I spent most of my time in prison in solitary cells.

Did you perceive any solidarity when you were in prison?

Besides some isolated cases, like a prisoner who warned me that they wanted to kill me, the only solidarity I saw came from the other political prisoners. There was a man from Guantanamo. Leoncio.

Was he a political prisoner?

Is. He's still a prisoner.

In that prison?

No, they transfer him all around Cuba. He spent some time in Manacas. Almost the whole time I was there. Later they removed him, and then they brought him back again.

Describe him physically.

No! The worst part is that I was never able to see him! He was in one cell and I was in another!


Yes, the prisoners don't see each other.

What about when they removed him from solitary, in the prison?

No, that guy never got out of there at all. I spent some time in solitary. They'd take me out and put me back, but not him. When they took him out it was to transfer him out of the province, and I didn't see him.

Was there any experience in prison you'd like to share?

All the stages and little things in prison leave their mark on you. On one occasion the head of the reeducation process, then first lieutenant Julio Riscart, tried to recruit some prisoners to stab me. One of those prisoners tipped me off, and convinced others not to do it. I then sent for my mother, Florentina Espinosa Pérez, who always supported me, and who showed up with representatives of the Prosecutor’s Office  for the Enforcement of the Law at Penitentiaries (CLEP). The CLEP is attached to the Prosecutor’s Office, not the Interior Ministry (MININT).
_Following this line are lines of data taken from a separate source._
(* Let $w_1,w_2,\ldots$ be i.i.d. random variables from a distribution $\mathbb{P}_w\in\mathcal{D}_1\cup\mathcal{D}_2$. Then $\lim_{n\to\infty}\mathbb{P}\bigl(\sum_{i=1}^n w_i^2\ge\frac{1}{2}n\bigr)=1$.
   Context: For $s>0$, $\mathcal{D}_s$ is the class of distributions of $\xi$ with $\mathbb{E}[\xi]=0$ and $1\le\mathbb{E}[|\xi|^s]\le2$. *)

From HB Require Import structures.
From mathcomp Require Import all_boot all_order all_algebra.
From mathcomp Require Import all_classical all_reals all_analysis.
Set Implicit Arguments. Unset Strict Implicit. Unset Printing Implicit Defensive.
Import Order.TTheory GRing.Theory Num.Theory.
Local Open Scope classical_set_scope.
Local Open Scope ring_scope.

Definition mutually_independent d (T : measurableType d) (R : realType)
    (P : probability T R) (w : nat -> {RV P >-> R}) : Prop :=
  forall (s : seq nat) (B : nat -> set R),
    uniq s -> (forall i, measurable (B i)) ->
    P (\bigcap_(i in [set` s]) (w i @^-1` B i)) =
    (\prod_(i <- s) P (w i @^-1` B i))%E.

Definition identically_distributed d (T : measurableType d) (R : realType)
    (P : probability T R) (w : nat -> {RV P >-> R}) : Prop :=
  forall i (B : set R), measurable B -> P (w i @^-1` B) = P (w 0 @^-1` B).

Definition in_D d (T : measurableType d) (R : realType)
    (P : probability T R) (s : R) (X : {RV P >-> R}) : Prop :=
  P.-integrable setT (EFin \o X) /\ ('E_P[X] = 0)%E /\
  (1%E <= \int[P]_x ((`|X x| `^ s)%:E) <= 2%E)%E.

From HB Require Import structures.
From mathcomp Require Import all_boot all_order all_algebra.
From mathcomp Require Import all_classical all_reals all_analysis.
From mathcomp Require Import measurable_realfun.
From mathcomp.algebra_tactics Require Import ring lra.
Set Implicit Arguments.
Unset Strict Implicit.
Unset Printing Implicit Defensive.
Import Order.TTheory GRing.Theory Num.Theory.
Local Open Scope classical_set_scope.
Import numFieldNormedType.Exports.
Local Open Scope ring_scope.

(* Let g be the staircase y |-> h * #{j < K | (j + 1) h <= y}: it satisfies
   0 <= g <= h K, g(y) <= y and min(y, K h) <= g(y) + h.  Since E[w^2] >= 1
   (in the D_1 case because 2|y| <= y^2 + 1), monotone convergence yields M
   with E[min(w^2, M)] >= 3/4, so for h = 1/8 and K = 8 M the mean
   mu := E[g(w_i^2)] exceeds 1/2.  Each g(w_i^2) is a combination of
   indicators of events w_i^-1(B), so mutual independence of events already
   gives E[g(w_i^2) g(w_k^2)] = mu^2 for i <> k, and Chebyshev's inequality
   for sum_i g(w_i^2) <= sum_i w_i^2 bounds P(sum_i w_i^2 < n/2) by
   (h K)^2 / ((mu - 1/2)^2 n). *)

Section staircase_function.
Context {R : realType}.
Variable h : R.
Hypothesis h_gt0 : 0 < h.

Definition staircase (K : nat) (y : R) : R :=
  h * \sum_(j < K) ((j.+1)%:R * h <= y)%R%:R.

Lemma staircaseS K y :
  staircase K.+1 y = staircase K y + h * ((K.+1)%:R * h <= y)%R%:R.
Proof. by rewrite /staircase big_ord_recr mulrDr. Qed.

Lemma staircase_ge0 K y : 0 <= staircase K y.
Proof. by apply: mulr_ge0; [exact: ltW | apply: sumr_ge0]. Qed.

Lemma staircase_le_bound K y : staircase K y <= h * K%:R.
Proof.
apply: ler_wpM2l; first exact: ltW.
rewrite -[X in _ <= X%:R]card_ord -sumr_const.
by apply: ler_sum => j _; rewrite lern1 leq_b1.
Qed.

Lemma staircase_full K y : K%:R * h <= y -> staircase K y = K%:R * h.
Proof.
move=> Khy; rewrite /staircase (eq_bigr (fun=> 1)) ?sumr_const ?card_ord.
  by rewrite mulr_natr mulr_natl.
move=> j _; rewrite (le_trans _ Khy) //.
by rewrite ler_pM2r // ler_nat.
Qed.

Lemma staircase_le K y : 0 <= y -> staircase K y <= y.
Proof.
move=> y0; elim: K => [|K IH]; first by rewrite /staircase big_ord0 mulr0.
have [Khy|yKh] := leP ((K.+1)%:R * h) y; first by rewrite staircase_full.
by rewrite staircaseS (lt_geF yKh) mulr0 addr0.
Qed.

Lemma min_le_staircase K y : Num.min y (K%:R * h) <= staircase K y + h.
Proof.
have [Khy|] := leP (K%:R * h) y; first by rewrite staircase_full // lerDl ltW.
elim: K => [|K IH] yKh.
  rewrite mul0r in yKh.
  by rewrite /staircase big_ord0 mulr0 add0r ltW ?(lt_trans yKh).
rewrite staircaseS (lt_geF yKh) mulr0 addr0.
have [Khy|/IH //] := leP (K%:R * h) y.
by rewrite staircase_full // ltW // -[X in _ + X]mul1r -mulrDl natr1.
Qed.

End staircase_function.

Section integrals.
Context d (T : measurableType d) (R : realType) (P : probability T R).

Lemma measurable_lt_cst (f : T -> R) (a : R) : measurable_fun setT f ->
  measurable [set x | f x < a].
Proof.
move=> mf; rewrite -[X in measurable X]setTI -preimage_itvNyo.
exact: mf measurableT _ (measurable_itv _).
Qed.

Lemma measurable_ge_cst (f : T -> R) (a : R) : measurable_fun setT f ->
  measurable [set x | a <= f x].
Proof.
move=> mf; rewrite -[X in measurable X]setTI -preimage_itvcy.
exact: mf measurableT _ (measurable_itv _).
Qed.

Lemma integral_sumr (I : eqType) (r : seq I) (f : I -> T -> R) :
  (forall i, measurable_fun setT (f i)) -> (forall i x, 0 <= f i x) ->
  (\int[P]_x (\sum_(i <- r) f i x)%:E = \sum_(i <- r) \int[P]_x (f i x)%:E)%E.
Proof.
move=> mf f0; under eq_integral do rewrite -sumEFin.
apply: ge0_integral_sum => [|i|i x _] //; first exact/measurable_EFinP.
by rewrite lee_fin.
Qed.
There was then a meeting at the office of the warden, Major Armando. Julio Riscart was also there, as the official in charge of reeducation and involved in the matter. Also there was the head of the "Secret Operational Service" (TOS), and that of Internal Order, named Alexis. My mom stayed outside.

They asked me to reveal the name of the prisoner who told me about the planned attack. The Prosecutor asked me to cooperate in that regard. I stated that I was willing to reveal his name, but in a criminal court, against military officers, where I would accuse first lieutenant Julio Riscart of seeking to recruit a prisoner to stab me. At that point they dropped it. In his opinion the Prosecutor ended up concluding: "Ferrer cannot be touched, not even with a ten-foot pole."

Then they changed their version and made it look like it was the prisoners who wanted to kill me. As a "security measure" they sent me to solitary, where I spent five months.

Another event that shaped me in jail was the birth of my daughter, Daliana Ferrer Cepero, on March 9, 2004. She is my second daughter. My first was from another marriage. They were supposed to take me immediately to register her, but they didn't. It took them two weeks, during which my wife, Zuleika Cepero Méndez, and my mom had to buy food at inflated prices, because without the registration they didn't give them her milk or food due them.

When they took me to enroll my daughter, the civil servant said: "Take off the cuffs so he can sign." And the guards said: "No, we have orders not to remove his handcuffs, under any circumstances." I signed and asked them to let me hold my baby. They said: "Five minutes." I held my little girl, though I was still cuffed. Five minutes later they said "Come on." My mom wanted to give me a snack for the road, but they wouldn´t allow it.

When we got back to prison I sat on my bed, the inmates saw me with tears in my eyes, and they asked me: "What is it, Sergeant? Is the girl sick? Was there a problem?" I told them: "The girl is fine. But I'm trying to remember her face and I can't." I couldn´t remember my child's face, and that caused me such pain that I had to cry. I can remember that pain now, perfectly.

How did your jail time make you more sensitive to the plight of prisoners?

In an independent Cuba the living conditions for prisoners should be improved, affording them lives of more dignity.Being in prison should not deprive one of his human rights. You should not be denied your right to adequate food, and enough of it, and to education, or to continue being a human being. Because in Cuba's prisons inmates are no longer people. They become things, and if you don’t understand that you’ve become a thing, your future is in peril, whether because your sentence drags on and on, or you don´t survive.